This includes insulin initiation in type 2 diabetes and its use with prandial insulin as part of basal bolus therapy in type 1 diabetes and type 2 diabetes. In all these trials, degludec was non-inferior to the comparators glargine and detemir with respect to change in HbA1c. One trial each used insulin degludec in a basala€“bolus regimen (with aspart) and a flexible regimen. The rationale for the comparison with sitagliptin was to investigate the efficacy and safety of adding insulin degludec instead of an additional OAD in patients inadequately controlled on 1a?’2 OADs. Flexible dosing is an attractive feature of this insulin that might improve adherence to therapy and conceivably improve outcomes.
Insulin degludec, an ultra-long acting basal insulin, versus insulin glargine in basal-bolus treatment with mealtime insulin aspart in type 1 diabetes (BEGIN Basal-Bolus Type 1): a phase 3, randomised, open-label, treat-to-target non-inferiority trial.
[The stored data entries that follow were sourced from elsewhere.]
(* Let $A$ be a normed PI-algebra over $F\in\{\mathbb{R},\mathbb{C}\}$. If its completion $C(A)$ is nil, then $A$ is nilpotent.
   Context: All algebras are non-unitary associative over $F$. A normed algebra has a norm with $\|ab\|\le\|a\|\|b\|$; $C(A)$ is its completion as a Banach algebra. $A$ is a PI-algebra if it satisfies a nonzero polynomial identity, i.e. there is a nonzero $f(x_1,\dots,x_m)$ in the free non-unitary associative algebra $F\langle x_1,x_2,\dots\rangle$ with $f(a_1,\dots,a_m)=0$ for all $a_i\in A$. An algebra is nil if every element is nilpotent, and nilpotent if there is $n$ with $a_1a_2\cdots a_n=0$ for all $a_1,\dots,a_n$ in it. *)

From HB Require Import structures.
From mathcomp Require Import all_boot all_order all_algebra.
From mathcomp Require Import all_classical all_reals all_analysis.
From mathcomp Require Import complex.
Set Implicit Arguments. Unset Strict Implicit. Unset Printing Implicit Defensive.
Import Order.TTheory GRing.Theory Num.Theory.
Import numFieldNormedType.Exports.
Local Open Scope ring_scope.
Local Open Scope classical_set_scope.

Definition scalarF (R : realType) (is_complex : bool) : numFieldType :=
  if is_complex then ((R[i])%C : numFieldType) else (R : numFieldType).

Section Alg.
Variables (K : numFieldType) (A : normedModType K).

(* Product of a nonempty list a_1 ... a_n (left-associated; the empty list is
   sent to 0, but is never used). *)
Definition nprod (mul : A -> A -> A) (s : seq A) : A :=
  if s is x :: t then foldl mul x t else 0.

(* x^(n+1) for a non-unital multiplication *)
Definition npow (mul : A -> A -> A) (x : A) (n : nat) : A := iter n (mul x) x.

Definition is_normed_algebra (mul : A -> A -> A) : Prop :=
  [/\ (forall (k : K) x y z, mul (k *: x + y) z = k *: mul x z + mul y z),
      (forall (k : K) x y z, mul x (k *: y + z) = k *: mul x y + mul x z),
      (forall x y z, mul x (mul y z) = mul (mul x y) z) &
      (forall x y, `|mul x y| <= `|x| * `|y|)].

Definition is_nil (mul : A -> A -> A) : Prop :=
  forall x : A, exists n : nat, npow mul x n = 0.

Definition is_nilpotent (mul : A -> A -> A) : Prop :=
  exists n : nat, forall s : seq A, size s = n.+1 -> nprod mul s = 0.

(* An element of the free non-unital associative algebra K<x_0, x_1, ...> is
   represented canonically by a finite list of pairs (w, c) of pairwise
   distinct nonempty words w (sequences of variable indices) with coefficients
   c; it is the formal sum of the c * w. *)
Definition eval_word (mul : A -> A -> A) (a : nat -> A) (w : seq nat) : A :=
  nprod mul (map a w).

Definition eval_ncpoly (mul : A -> A -> A) (f : seq (seq nat * K)) (a : nat -> A)
  : A := \sum_(t <- f) t.2 *: eval_word mul a t.1.

Definition is_ncpoly (f : seq (seq nat * K)) : Prop :=
  uniq (map fst f) /\ all (fun t => t.1 != [::]) f.

Definition ncpoly_nonzero (f : seq (seq nat * K)) : Prop :=
  has (fun t => t.2 != 0) f.

Definition is_PI (mul : A -> A -> A) : Prop :=
  exists f : seq (seq nat * K), [/\ is_ncpoly f, ncpoly_nonzero f &
    forall a : nat -> A, eval_ncpoly mul f a = 0].

End Alg.

Definition is_completion (K : numFieldType) (A : normedModType K)
  (B : completeNormedModType K) (mulA : A -> A -> A) (mulB : B -> B -> B)
  (j : A -> B) : Prop :=
  [/\ (forall (k : K) x y, j (k *: x + y) = k *: j x + j y),
      (forall x y, j (mulA x y) = mulB (j x) (j y)),
      (forall x, `|j x| = `|x|) &
      closure (range j) = setT].
Lemma coef_upair_eq0 : x (upair i w) = 0.
Proof.
apply: (pivot_coef_eq0 (setU11 _ _) _ _ (rel (is_param_lam iwD))).
  by rewrite jac_upair jac_lam_edge // oppr_eq0 s_frac_neq0.
move=> c /setU1P[-> /eqP //|/edge_cols_cases[->|[p [q [pqD qB ->]]]]] _.
  rewrite (_ : jac R D _ _ = 0) ?mulr0 //; apply/eqP; apply: contraT => /jac_lam_neq0.
  by rewrite iwD orbb /= => /andP[/eqP zi _]; move: (sink_z w); rewrite zi iwD.
rewrite jac_upair (_ : jac R D _ _ = 0) ?mulr0 //; apply/eqP; apply: contraT => /jac_lam_neq0.
rewrite iwD /= => /orP[] /andP[/eqP qi]; last by move: iB; rewrite -qi qB.
case/orP => [/eqP qw|/(B_closed qB)/andP[w_in_B _]]; last by move: wB; rewrite w_in_B.
by move: wB; rewrite -qw qB.
Qed.

(* Row lambda_pq meets the other columns of S' only in K_iw and in columns of edges whose head
   is a parent of q or is p itself; those heads lie higher in B, so we descend through B. *)
Lemma coef_edge_eq0 p q : (p, q) \in D -> q \in B -> x (upair p q) = 0.
Proof.
suff edge : forall e, e \in D -> e.2 \in B -> x (upair e.1 e.2) = 0 by apply: (edge (p, q)).
elim/(@fin_down_ind _ (fun e : 'I_n * 'I_n => rk e.2)) => -[{}p {}q] IH /= pqD qB.
have [nl asym] := simpleD.
apply: (pivot_coef_eq0 (setU1r _ (mem_edge_cols z pqD qB)) _ _ (rel (is_param_lam pqD))).
  by rewrite jac_upair jac_lam_edge // oppr_eq0 s_frac_neq0.
move=> c /setU1P[->|/edge_cols_cases[->|[p' [q' [pqD' qB' ->]]]]] ne.
- by rewrite coef_upair_eq0 mul0r.
- rewrite (_ : jac R D _ _ = 0) ?mulr0 //; apply/eqP; apply: contraT => /jac_lam_neq0.
  rewrite pqD orbb /= => /andP[/eqP zp /orP[/eqP zq|zqD]].
    by move: (nl z); rewrite {1}zp zq pqD.
  by move: (sink_z q); rewrite zqD.
have [lt|ge] := ltnP (rk q) (rk q'); first by rewrite (IH (p', q')) ?mul0r.
rewrite jac_upair (_ : jac R D _ _ = 0) ?mulr0 //; apply/eqP; apply: contraT => /jac_lam_neq0.
rewrite pqD /= => /orP[] /andP[/eqP e1 /orP[/eqP e2|e2D]].
- by move: ne; rewrite e1 e2 eqxx.
- by have /andP[_] := B_closed qB' e2D; rewrite ltnNge ge.
- by move: (asym _ _ pqD); rewrite -e1 -e2 pqD'.
- by rewrite -e1 in pqD; have /andP[_] := B_closed qB' pqD; rewrite ltnNge ge.
Qed.

Lemma coef_sink_eq0 : x (z, z) = 0.
Proof.
apply: (pivot_coef_eq0 (setU1r _ (mem_edge_cols_sink D B z)) _ _ (rel (is_param_s D))).
  by rewrite jac_sink ?eqxx ?oner_neq0 //; case: simpleD.
move=> c /setU1P[->|/edge_cols_cases[->|[p [q [pqD qB ->]]]]] ne.
- by rewrite coef_upair_eq0 mul0r.
- by rewrite eqxx in ne.
- by rewrite coef_edge_eq0 ?mul0r.
Qed.

End Coefficients.

Lemma edge_cols_independent : jac_indep R D S'.
Proof.
split; first by rewrite subUset sub1set upair_ground edge_cols_ground.
move=> x rel c /setU1P[->|/edge_cols_cases[->|[p [q [pqD qB ->]]]]].
- exact: coef_upair_eq0 rel.
- exact: coef_sink_eq0 rel.
- exact: (coef_edge_eq0 rel pqD qB).
Qed.

End Independence.

End EdgeColumns.

Section SameOutDegrees.
Variables (n : nat) (D1 D2 : {set 'I_n * 'I_n}).
Hypotheses (simple1 : simple_digraph D1) (simple2 : simple_digraph D2).
Hypothesis ch_card : forall v, #|ch D1 v| = #|ch D2 v|.
Hypothesis acyclic1 : acyclic D1.

Definition parents_differ (w : 'I_n) : bool :=
  [exists p, ((p, w) \in D1) != ((p, w) \in D2)].

Section MinimalNode.
Variable w : 'I_n.
Hypothesis minimal_w : forall b, b \in desc D1 w -> ~~ parents_differ b.
Local Notation B := (desc D1 w).
Local Notation rk v := #|desc D1 v|.

Lemma parents_agree p q : q \in B -> ((p, q) \in D1) = ((p, q) \in D2).
Proof. by move/minimal_w; rewrite negb_exists => /forallP/(_ p)/negbNE/eqP. Qed.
Insulin degludec versus insulin glargine in insulin-naive patients with type 2 diabetes: A 1-year, randomized, treat-to-target trial (BEGIN Once Long). Effect of ultra-long-acting insulin degludec versus sitagliptin addition in patients with type 2 diabetes uncontrolled on oral antidiabetic agents. Insulin degludec, an ultra-longacting basal insulin, versus insulin glargine in basal-bolus treatment with mealtime insulin aspart in type 2 diabetes (BEGIN Basal-Bolus Type 2): a phase 3, randomised, open-label, treat-to-target non-inferiority trial. Insulin degludec compared with insulin glargine in insulin-naA?ve patients with type 2 diabetes: a 26-week, randomized, controlled, Pan Asian, treat-to-target trial. A review of modern insulin analogue pharmacokinetic and pharmacodynamic profiles in type 2 diabetes: improvements and limitations. Insulin adherence behaviours and barriers in the multinational Global Attitudes of Patients and Physicians in Insulin Therapy study.
Association of glycaemia with macrovascular and microvascular complications of type 2 diabetes (UKPDS 35): prospective observational study. You are making such a big stink about your personal choice to feed your dogs grain free food and you don’t even know that you are feeding them grain.
I find it is better for my diabetes pills type 2 inner peace to ignore all commentary during the jump drills.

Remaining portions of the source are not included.